Member of the National Council
- Incumbent
- Assumed office 8 March 2013

Chairperson of the PACE Committee on Equality and Non-Discrimination
- Incumbent
- Assumed office 27 January 2026
- Preceded by: Doris Fiala

President of the National Council Committee on Women's Rights, Family and Equality
- Incumbent
- Assumed office 2024
- Preceded by: Christine Pasquier-Ciulla

President of the National Council Committee on Women's Rights and Family
- In office 2013–2016

Representative of Monaco to the Parliamentary Assembly of the Council of Europe
- Incumbent
- Assumed office 8 March 2013

Personal details
- Born: February 12, 1969 (age 57) Monaco
- Party: Monegasque National Union

= Béatrice Fresko-Rolfo =

Monegasque politician

Béatrice Fresko-Rolfo (born 12 February 1969, Monaco) is a Monegasque politician. Since 2013, Fresko-Rolfo is a member of National Council of Monaco.

== Career ==
In 2008, Fresko-Rolfo was a candidate for the national elections from the party Rally & Issues (Rassemblement et Enjeux). Since 2010, she is a member of the executive board of Rally & Issues. Since 2013, Fresko-Rolfo was elected as a national councilor from the political group Horizon Monaco (HM).
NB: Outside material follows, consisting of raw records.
Lemma l1norm_le_norm : exists C, forall x, l1norm absK x <= C * N x.
Proof.
(* Otherwise vectors z n with l1norm 1 and N (z n) --> 0 accumulate at some a with
   N a = 0 and l1norm a = 1. *)
apply: contrapT => noC.
have /choice[x xP] : forall n, exists y : X, n.+1%:R * N y < l1norm absK y.
  move=> n; apply: contrapT => /forallNP xP; apply: noC; exists n.+1%:R => y.
  by rewrite leNgt; apply/negP/xP.
have l1x_gt0 n : 0 < l1norm absK (x n).
  by apply: le_lt_trans (xP n); rewrite mulr_ge0 ?norm_ge0.
have /choice[c cE] : forall n, exists c : K, absK c = (l1norm absK (x n))^-1.
  by move=> n; apply: (abs_onto hA); rewrite invr_ge0 ltW.
pose z n := c n *: x n.
have l1z n : l1norm absK (z n) = 1 by rewrite l1normZ // cE mulVf // gt_eqF.
have Nz n : N (z n) <= harmonic n.
  rewrite normZ cE /=.
  by rewrite mulrC ler_pdivrMr // mulrC ler_pdivlMr ?ltr0Sn // mulrC ltW.
have [f fi [a za]] : exists2 f : nat -> nat, increasing_seq f &
    exists a, l1norm absK (z (f n) - a) @[n --> \oo] --> 0.
  apply: (rowv_bolzano_weierstrass hA (B := 1)) => n i.
  by rewrite -(l1z n) abs_coord_le_l1norm.
pose B := \sum_i N (delta_mx 0 i).
have a0 : a = 0.
  apply/norm_eq0/le_anti; rewrite norm_ge0 andbT.
  have hB : l1norm absK (z (f n) - a) * B + harmonic (f n) @[n --> \oo] --> 0.
    rewrite -[X in _ --> X](addr0 0) -[X in _ --> X + _](mul0r B).
    by apply: cvgD; [exact: cvgMl | exact: (@cvg_subseq _ (@harmonic R) _ _ fi cvg_harmonic)].
  apply: (ler_cvg_to (cvg_cst (N a)) hB); near=> n.
  have := norm_triangle (a - z (f n)) (z (f n)); rewrite subrK => /le_trans; apply.
  by rewrite lerD // normB norm_le_l1norm.
suff : 1 <= 0 :> R by rewrite ler10.
apply: (ler_cvg_to (cvg_cst (1 : R)) za); near=> n.
by rewrite a0 subr0 l1z.
Unshelve. all: by end_near. Qed.
End NormedSpace.

Section SupNorm.
Variables (R : realType) (K : fieldType) (absK : K -> R) (hA : proper_abs absK).
Variables (d : nat) (hd : (0 < d)%N) (N : 'rV[K]_d -> R) (hN : is_norm absK N).
Local Notation X := 'rV[K]_d.
Local Notation sn := (supnorm absK N).

Definition sphere_bounded (f : X -> K) := exists B, forall x, N x = 1 -> absK (f x) <= B.

Lemma exists_unit : exists u : X, N u = 1.
Proof.
have e0 : delta_mx 0 (Ordinal hd) != 0 :> X.
  by apply/eqP => /rowP/(_ (Ordinal hd)); rewrite !mxE !eqxx => /eqP; rewrite oner_eq0.
by have [c [_ cE]] := normalize_vector hA hN e0; exists (c *: delta_mx 0 (Ordinal hd)).
Qed.

Lemma supnorm_le (f : X -> K) B : (forall x, N x = 1 -> absK (f x) <= B) -> sn f <= B.
Proof.
move=> fB; apply: ge_sup => [|_ [x x1 <-]]; last exact: fB.
by have [u u1] := exists_unit; exists (absK (f u)), u.
Qed.

Lemma le_supnorm (f : X -> K) x : sphere_bounded f -> N x = 1 -> absK (f x) <= sn f.
Proof.
move=> [B fB] x1; apply: ub_le_sup; last by exists x.
by exists B => _ [y y1 <-]; exact: fB.
Qed.

Lemma supnorm_ge0 (f : X -> K) : 0 <= sn f.
Proof.
have [fb|fnb] := pselect (sphere_bounded f).
  by have [u u1] := exists_unit; exact: le_trans (abs_ge0 hA _) (le_supnorm fb u1).
rewrite /supnorm sup_out // => -[_ [B fB]]; apply: fnb; exists B => x x1.
by apply: fB; exists x.
Qed.

Lemma abs_homogeneous_le (f : X -> K) n x :
  (forall c y, f (c *: y) = c ^+ n * f y) -> sphere_bounded f ->
  absK (f x) <= sn f * N x ^+ n.
Proof.
move=> fZ fb; have [->|x0] := eqVneq x 0.
  case: n fZ => [|n] fZ.
    have [u u1] := exists_unit.
    by rewrite expr0 mulr1 -(scale0r u) fZ expr0 mul1r le_supnorm.
  rewrite -(scale0r 0) fZ expr0n mul0r (abs0 hA).
  by rewrite mulr_ge0 ?exprn_ge0 ?supnorm_ge0 ?(norm_ge0 hA hN).
have [c [cE c1]] := normalize_vector hA hN x0.
have c0 : c != 0 by rewrite -(abs_eq0 hA) cE invr_eq0 lt0r_neq0 // (norm_gt0 hA hN).
rewrite -{1}[x](scalerK c0) fZ (absM hA) (absX hA) (absV hA) cE invrK mulrC.
by rewrite ler_wpM2r ?exprn_ge0 ?(norm_ge0 hA hN) ?le_supnorm.
Qed.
In 2016, Fresko-Rolfo as a President of the Women and Family Commission at the National Council was a member of the Prize Committee for the Monte-Carlo “Woman of the Year” contest.

For the general elections in February 2018, Fresko-Rolfo was a leader of Horizon Monaco. Before the general elections of 2018, she announced her candidacy for the presidency in the National Council.

In November 2018, Fresko-Rolfo visited the Women Leaders Global Forum in Reykjavík, Iceland to share ideas and experiences for women participation in economic and political development of the countries.

Fresko-Rolfo is representative of Monaco in Parliamentary Assembly of the Council of Europe.

== Personal life ==
Fresko-Rolfo is married and has two children.